_Exercise requirements_. I'd like every line in the following listing that holds "gives" copied.

_Material for the task_.
○ ○ ○ ○

(* Let $\mathcal{H}$ be a Hilbert space and let $\{\psi_k\}_{k\in\mathbb{Z}^d}$ be a Bessel sequence in $\mathcal{H}$ that is complete (its linear span is dense in $\mathcal{H}$). Let $n_0\in\mathbb{Z}^d$. Then $\{\psi_k+\psi_{k+n_0}\}_{k\in\mathbb{Z}^d}$ is complete in $\mathcal{H}$.
   Context: A sequence $\{\psi_k\}$ is Bessel if there is $B>0$ with $\sum_k|\langle h,\psi_k\rangle|^2\le B\|h\|^2$ for all $h\in\mathcal{H}$. *)

From Stdlib Require Import Reals List ZArith.
From Stdlib Require Fin.
Import ListNotations.
Open Scope R_scope.

(** Complex numbers as pairs (real part, imaginary part). *)
Definition C : Type := (R * R)%type.
Definition C0 : C := (0, 0).
Definition C1 : C := (1, 0).
Definition Cadd (a b : C) : C := (fst a + fst b, snd a + snd b).
Definition Cmul (a b : C) : C :=
  (fst a * fst b - snd a * snd b, fst a * snd b + snd a * fst b).
Definition Cconj (a : C) : C := (fst a, - snd a).
Definition Cmod2 (a : C) : R := fst a * fst a + snd a * snd a.

Record HilbertSpace := {
  hs_car :> Type;
  hs_zero : hs_car;
  hs_add : hs_car -> hs_car -> hs_car;
  hs_opp : hs_car -> hs_car;
  hs_scal : C -> hs_car -> hs_car;
  hs_inner : hs_car -> hs_car -> C;
  hs_add_assoc : forall x y z, hs_add x (hs_add y z) = hs_add (hs_add x y) z;
  hs_add_comm : forall x y, hs_add x y = hs_add y x;
  hs_add_0 : forall x, hs_add x hs_zero = x;
  hs_add_opp : forall x, hs_add x (hs_opp x) = hs_zero;
  hs_scal_assoc : forall a b x, hs_scal a (hs_scal b x) = hs_scal (Cmul a b) x;
  hs_scal_1 : forall x, hs_scal C1 x = x;
  hs_scal_distr_v : forall a x y, hs_scal a (hs_add x y) = hs_add (hs_scal a x) (hs_scal a y);
  hs_scal_distr_s : forall a b x, hs_scal (Cadd a b) x = hs_add (hs_scal a x) (hs_scal b x);
  hs_inner_add_l : forall x y z, hs_inner (hs_add x y) z = Cadd (hs_inner x z) (hs_inner y z);
  hs_inner_scal_l : forall a x y, hs_inner (hs_scal a x) y = Cmul a (hs_inner x y);
  hs_inner_conj : forall x y, hs_inner y x = Cconj (hs_inner x y);
  hs_inner_pos : forall x, 0 <= fst (hs_inner x x);
  hs_inner_def : forall x, hs_inner x x = C0 -> x = hs_zero;
  hs_complete : forall u : nat -> hs_car,
    (forall eps, 0 < eps -> exists N, forall m n, (N <= m)%nat -> (N <= n)%nat ->
        sqrt (fst (hs_inner (hs_add (u m) (hs_opp (u n))) (hs_add (u m) (hs_opp (u n))))) < eps) ->
    exists l, forall eps, 0 < eps -> exists N, forall n, (N <= n)%nat ->
        sqrt (fst (hs_inner (hs_add (u n) (hs_opp l)) (hs_add (u n) (hs_opp l)))) < eps
}.

Arguments hs_zero {_}.
Arguments hs_add {_}.
Arguments hs_opp {_}.
Arguments hs_scal {_}.
Arguments hs_inner {_}.

Definition hs_norm {H : HilbertSpace} (x : H) : R := sqrt (fst (hs_inner x x)).
Definition hs_sub {H : HilbertSpace} (x y : H) : H := hs_add x (hs_opp y).

Definition lincomb {H : HilbertSpace} {I : Type} (psi : I -> H) (L : list (C * I)) : H :=
  fold_right (fun ck acc => hs_add (hs_scal (fst ck) (psi (snd ck))) acc) hs_zero L.

Definition sumR (l : list R) : R := fold_right Rplus 0 l.

(** Bessel: there is B > 0 with sum_k |<h,psi_k>|^2 <= B ||h||^2 for all h
    (the sum of nonnegative terms over I bounded via all finite subsets). *)
Definition Bessel {H : HilbertSpace} {I : Type} (psi : I -> H) : Prop :=
  exists B : R, 0 < B /\
    forall (h : H) (F : list I), NoDup F ->
      sumR (map (fun k => Cmod2 (hs_inner h (psi k))) F) <= B * (hs_norm h) ^ 2.

Definition complete_seq {H : HilbertSpace} {I : Type} (psi : I -> H) : Prop :=
  forall (h : H) (eps : R), 0 < eps ->
    exists L : list (C * I), hs_norm (hs_sub h (lincomb psi L)) < eps.

Definition Zd (d : nat) : Type := Fin.t d -> Z.
Definition zd_add {d : nat} (k n : Zd d) : Zd d := fun i => (k i + n i)%Z.

From Pilot Require Import Defs.
From Stdlib Require Import Reals List ZArith Lra Lia Classical FunctionalExtensionality FinFun.
Import ListNotations.
Open Scope R_scope.

(* Write e_P = psi_(k + P n0).  Telescoping along the orbit k, k+n0, k+2n0, ...
   gives  psi_k - (-1)^P e_P = sum_(Q<P) (-1)^Q phi_(k+Q n0),  so every such
   difference lies in the span of phi.  Averaging over P = 1..N,
       psi_k - (1/N) sum_(P=1..N) (-1)^P e_P   lies in span(phi).
   When n0 <> 0 the e_P are distinct members of the Bessel family, and the
   Bessel bound B yields  || sum_(P=1..N) (-1)^P e_P ||^2 <= B N,  so the
   averaged error is at most sqrt (B/N) -> 0: psi_k is in the closed span of
   phi.  (When n0 = 0, phi_k = 2 psi_k.)  Density of span(psi) then transfers
   to span(phi). *)

Lemma pair_eq (p q : Defs.C) : fst p = fst q -> snd p = snd q -> p = q.
Proof. destruct p, q; simpl; intros; subst; reflexivity. Qed.

Lemma nonneg_quadratic_discriminant (a b c : R) :
  (forall t, 0 <= a + 2 * t * b + t * t * c) -> b ^ 2 <= a * c.
Proof.
  intro Hq.
  assert (Ha : 0 <= a) by (specialize (Hq 0); lra).
  destruct (Rtotal_order c 0) as [Hc | [Hc | Hc]].
  - (* c < 0 is impossible: adding the values at s and -s gives s^2 (-c) <= a. *)
    set (s := a / - c + 1).
    assert (Hquot : 0 <= a / - c)
      by (unfold Rdiv; apply Rmult_le_pos; [lra | left; apply Rinv_0_lt_compat; lra]).
    assert (Hs : 1 <= s) by (unfold s; lra).
    pose proof (Hq s) as Hp. pose proof (Hq (- s)) as Hm.
    assert (Hsq : s * s * (- c) <= a) by nra.
    assert (Has : a = (s - 1) * (- c)) by (unfold s; field; lra).
    nra.
  - subst c. destruct (Req_dec b 0) as [Hb | Hb].
    + subst b. lra.
    + specialize (Hq (- (a + 1) / (2 * b))).
      replace (a + 2 * (- (a + 1) / (2 * b)) * b + - (a + 1) / (2 * b) * (- (a + 1) / (2 * b)) * 0)
        with (-1) in Hq by (field; exact Hb). lra.
  - specialize (Hq (- b / c)).
    replace (a + 2 * (- b / c) * b + - b / c * (- b / c) * c) with ((a * c - b * b) / c) in Hq
      by (field; lra).
    assert (Hmul : 0 <= (a * c - b * b) / c * c) by (apply Rmult_le_pos; lra).
    replace ((a * c - b * b) / c * c) with (a * c - b * b) in Hmul by (field; lra). lra.
Qed.

Section InnerProduct.
Variable H : HilbertSpace.
Implicit Types x y z : H.

Lemma inner_zero_l z : hs_inner hs_zero z = C0.
Proof.
  pose proof (hs_inner_add_l H hs_zero hs_zero z) as E.
  rewrite hs_add_0 in E. destruct (hs_inner hs_zero z) as [a b].
  unfold Cadd in E; simpl in E. injection E; intros. unfold C0; f_equal; lra.
Qed.

Lemma inner_opp_l x z :
  hs_inner (hs_opp x) z = (- fst (hs_inner x z), - snd (hs_inner x z)).
Proof.
  pose proof (hs_inner_add_l H x (hs_opp x) z) as E.
  rewrite hs_add_opp, inner_zero_l in E.
  destruct (hs_inner x z) as [a b], (hs_inner (hs_opp x) z) as [c e].
  unfold Cadd, C0 in E; simpl in E. injection E; intros. simpl; f_equal; lra.
Qed.

(* Vectors are determined by their inner products against all vectors;
   this reduces every vector identity to an identity between complex numbers. *)
Lemma hs_ext x y : (forall z, hs_inner x z = hs_inner y z) -> x = y.
Proof.
  intro E.
  assert (Hdiff : hs_inner (hs_add x (hs_opp y)) (hs_add x (hs_opp y)) = C0).
  { rewrite hs_inner_add_l, E, <- hs_inner_add_l, hs_add_opp. apply inner_zero_l. }
  apply hs_inner_def in Hdiff.
  rewrite <- (hs_add_0 H x), <- (hs_add_opp H y), (hs_add_comm H y),
    hs_add_assoc, Hdiff, hs_add_comm, hs_add_0. reflexivity.
Qed.
(* Let $\mathbb{T}^2=[-\pi,\pi]^2$, let $k_0$ be a positive integer, $U(y)=\sin(k_0y)$, let $f_0,g_0$ be smooth $2\pi$-periodic functions, and let $\rho$ solve \[ \partial_t\rho+U(y)\partial_x\rho=0,\qquad \rho(0,x,y)=f_0(y)\sin x+g_0(y)\cos x . \] Then $\|\rho(t,\cdot)\|_{H^1}^2\le 2\|\rho(0,\cdot)\|_{H^1}^2+10\pi k_0^2t^2\|\rho(0,\cdot)\|_{L^2}^2$.
   Context: $\|F\|_{H^1}^2=\int_{\mathbb{T}^2}\big(F^2+|\nabla F|^2\big)\,dx\,dy$. *)

From Stdlib Require Import Reals.
From Coquelicot Require Import Coquelicot.
Open Scope R_scope.

Definition smooth (f : R -> R) : Prop :=
  forall (n : nat) (x : R), ex_derive (Derive_n f n) x.

Definition periodic_2pi (f : R -> R) : Prop :=
  forall y, f (y + 2 * PI) = f y.

Definition int_T2 (F : R -> R -> R) : R :=
  RInt (fun x => RInt (fun y => F x y) (- PI) PI) (- PI) PI.

Definition dx (F : R -> R -> R) (x y : R) : R := Derive (fun x' => F x' y) x.
Definition dy (F : R -> R -> R) (x y : R) : R := Derive (fun y' => F x y') y.

Definition L2sq (F : R -> R -> R) : R := int_T2 (fun x y => (F x y) ^ 2).
Definition H1sq (F : R -> R -> R) : R :=
  int_T2 (fun x y => (F x y) ^ 2 + ((dx F x y) ^ 2 + (dy F x y) ^ 2)).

○ ○ ○ ○

_Answer to the exercise_.
   gives  psi_k - (-1)^P e_P = sum_(Q<P) (-1)^Q phi_(k+Q n0),  so every such
  - (* c < 0 is impossible: adding the values at s and -s gives s^2 (-c) <= a. *)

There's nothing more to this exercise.